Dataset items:
Lemma coeff_src_xi D : forall n u i g, cdim gd u < D -> wf_cell gd u -> cdim gd u < n ->
  coeff Td Teq i (bnd Td Tf false i (xi n u)) g =
  match i with
  | 0 => tgen_case 1 zero zero g
  | S i' => tgen_case 0 zero (coeff gd eqd i' (bnd gd fc true i' u)) g
  end.
Proof.
  induction D as [|D IHD]; intros n u i g HD Wu Hn; [lia|].
  destruct n as [|n]; [lia|].
  revert i g. induction u as [a|u _|p y IHy x IHx]; intros i g; cbn [cdim] in *.
  - destruct (le_lt_dec (S (gd a)) i) as [Hi|Hi].
    + destruct i as [|i']; [lia|].
      rewrite bnd_low, (bnd_low gd fc true i' (Gen a)) by (cbn; lia).
      apply coeff_xi_top; cbn; (exact I || lia).
    + change (xi (S n) (Gen a)) with (Gen (Xi a) : cell (tgen G)).
      rewrite (bnd_Gen Td Tf Tfaces_wf false i (Xi a)) by (cbn; lia).
      change (Tf false (Xi a)) with
        (match gd a with 0 => Gen Orig | S _ => xiS gd fc (fc true a) end).
      destruct (gd a) as [|k] eqn:E.
      * replace i with 0 by lia. rewrite bnd_low by (cbn; lia). cbn [coeff Tdim Nat.eqb].
        destruct (Teq Orig g) as [e|e]; destruct g; simpl; congruence.
      * destruct (Hfaces true a ltac:(lia)) as [W Df]. rewrite E in Df.
        unfold xiS. rewrite (IHD _ (fc true a)) by (assumption || lia).
        destruct i as [|i']; [reflexivity|].
        rewrite (bnd_Gen gd fc Hfaces true i' a) by lia. reflexivity.
  - destruct Wu.
  - destruct Wu as (Wy & Wx & Dy & Dx).
    rewrite coeff_bnd_xi_Comp by (auto; cbn; lia). cbn iota.
    destruct (Nat.ltb_spec (S p) i); rewrite ?IHx, ?IHy by (auto; lia);
      (destruct i as [|i']; [try lia; reflexivity|]);
      destruct g; cbn [tgen_case]; try lia;
      rewrite (coeff_bnd_Comp gd fc Hfaces eqd) by assumption; decide_ltb; lia.
Qed.

Lemma coeff_tgt_xi n : forall u, wf_cell gd u -> cdim gd u < n -> forall i g,
  coeff Td Teq i (bnd Td Tf true i (xi n u)) g =
  tgen_case 0 (coeff gd eqd i (bnd gd fc true i u))
    (match i with 0 => zero | S i' => coeff gd eqd i' (bnd gd fc false i' u) end) g.
Proof.
  destruct n as [|n]; intros u Wu Hn; [lia|].
  induction u as [a|u _|p y IHy x IHx]; intros i g; cbn [cdim] in *.
  - destruct (le_lt_dec (S (gd a)) i) as [Hi|Hi].
    + destruct i as [|i']; [lia|].
      rewrite bnd_low, (bnd_low gd fc true (S i') (Gen a)),
        (bnd_low gd fc false i' (Gen a)) by (cbn; lia).
      rewrite (coeff_xi_top (S n) (Gen a)) by (cbn; (exact I || lia)).
      destruct g; cbn [tgen_case]; try reflexivity.
      symmetry. apply coeff_low. cbn; lia.
    + change (xi (S n) (Gen a)) with (Gen (Xi a) : cell (tgen G)).
      rewrite (bnd_Gen Td Tf Tfaces_wf true i (Xi a)) by (cbn; lia).
      change (Tf true (Xi a)) with
        (chain (cmap Eta (Gen a)) (fun j => xiS gd fc (bnd gd fc false j (Gen a))) (gd a)).
      rewrite (coeff_tgt_chain_Eta i _ (Gen a)).
      * destruct i as [|i']; [reflexivity|].
        replace (i' <? gd a) with true by (symmetry; apply Nat.ltb_lt; lia). reflexivity.
      * exact I.
      * cbn; lia.
      * intros j Hj. destruct (bnd_wf_cdim gd fc Hfaces false j (Gen a) I) as [Wj Dj].
        apply xi_bnd_wf_cdim; cbn in *; (exact I || lia).
      * intros j g' Hj. destruct (bnd_wf_cdim gd fc Hfaces false j (Gen a) I) as [Wj Dj].
        apply coeff_xi_top; cbn in *; (assumption || lia).
  - destruct Wu.
  - destruct Wu as (Wy & Wx & Dy & Dx).
    rewrite coeff_bnd_xi_Comp by (auto; cbn; lia). cbn iota.
    destruct (Nat.ltb_spec (S p) i).
    + rewrite IHx, IHy by (auto; lia).
      destruct i as [|i']; [lia|]. destruct g; cbn [tgen_case]; try lia;
        rewrite !(coeff_bnd_Comp gd fc Hfaces eqd) by assumption; decide_ltb; lia.
    + rewrite coeff_tgt_whisker by (auto; lia). rewrite ?IHx by (auto; lia).
      destruct i as [|i']; destruct g; cbn [tgen_case]; decide_ltb; try lia;
        rewrite !(coeff_bnd_Comp gd fc Hfaces eqd) by assumption; decide_ltb; lia.
Qed.

End Expansion.

Lemma Tpoly_atomic P : wf_faces (gdim P) (gface P) -> atomic P -> atomic (Tpoly P).
Proof.
  intros Hfaces Hatomic x i Hi g [Hs Ht].
  unfold in_support, src_i, tgt_i in *. cbn [Tpoly gen gdim gface gen_eq_dec] in *.
  destruct x as [|a|a]; cbn [Tdim] in Hi; [lia| |].
  - change (Gen (Eta a)) with (cmap (@Eta (gen P)) (Gen a)) in Hs, Ht.
    rewrite bnd_cmap_Eta, coeff_cmap_Eta in Hs, Ht.
    destruct g as [|h|h]; cbn [tgen_case] in Hs, Ht; try congruence.
    apply (Hatomic a i Hi h). split; assumption.
  - change (Gen (Xi a)) with (xi_fuel (gdim P) (gface P) (S (gdim P a)) (Gen a)) in Hs, Ht.
    rewrite (coeff_src_xi _ _ _ Hfaces (S (S (gdim P a)))) in Hs by (cbn; auto).
    rewrite (coeff_tgt_xi _ _ _ Hfaces) in Ht by (cbn; auto).
    destruct i as [|i'], g as [|h|h]; cbn [tgen_case] in Hs, Ht; try congruence.
    apply (Hatomic a i' ltac:(lia) h). split; assumption.
Qed.

Lemma iter_Tpoly_wf_atomic m :
  let P := Nat.iter m Tpoly empty_polygraph in wf_faces (gdim P) (gface P) /\ atomic P.
Proof.
  induction m as [|m [Hfaces Hatomic]]; cbn zeta in *.
  - split; [intros b g | intros x]; destruct g || destruct x.
  - split; [apply Tfaces_wf | apply Tpoly_atomic]; assumption.
Qed.

Theorem mainTheorem12 : forall n : Z, (-1 <= n)%Z -> atomic (O_polygraph n).
Proof.
  intros n _. apply (iter_Tpoly_wf_atomic (Z.to_nat (n + 1))).
Qed.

## Task prompt
Within the entries, find all lines holding "auto" and copy each one.

## Task solution
    rewrite coeff_bnd_xi_Comp by (auto; cbn; lia). cbn iota.
    destruct (Nat.ltb_spec (S p) i); rewrite ?IHx, ?IHy by (auto; lia);
    rewrite coeff_bnd_xi_Comp by (auto; cbn; lia). cbn iota.
    + rewrite IHx, IHy by (auto; lia).
    + rewrite coeff_tgt_whisker by (auto; lia). rewrite ?IHx by (auto; lia).
    rewrite (coeff_src_xi _ _ _ Hfaces (S (S (gdim P a)))) in Hs by (cbn; auto).
    rewrite (coeff_tgt_xi _ _ _ Hfaces) in Ht by (cbn; auto).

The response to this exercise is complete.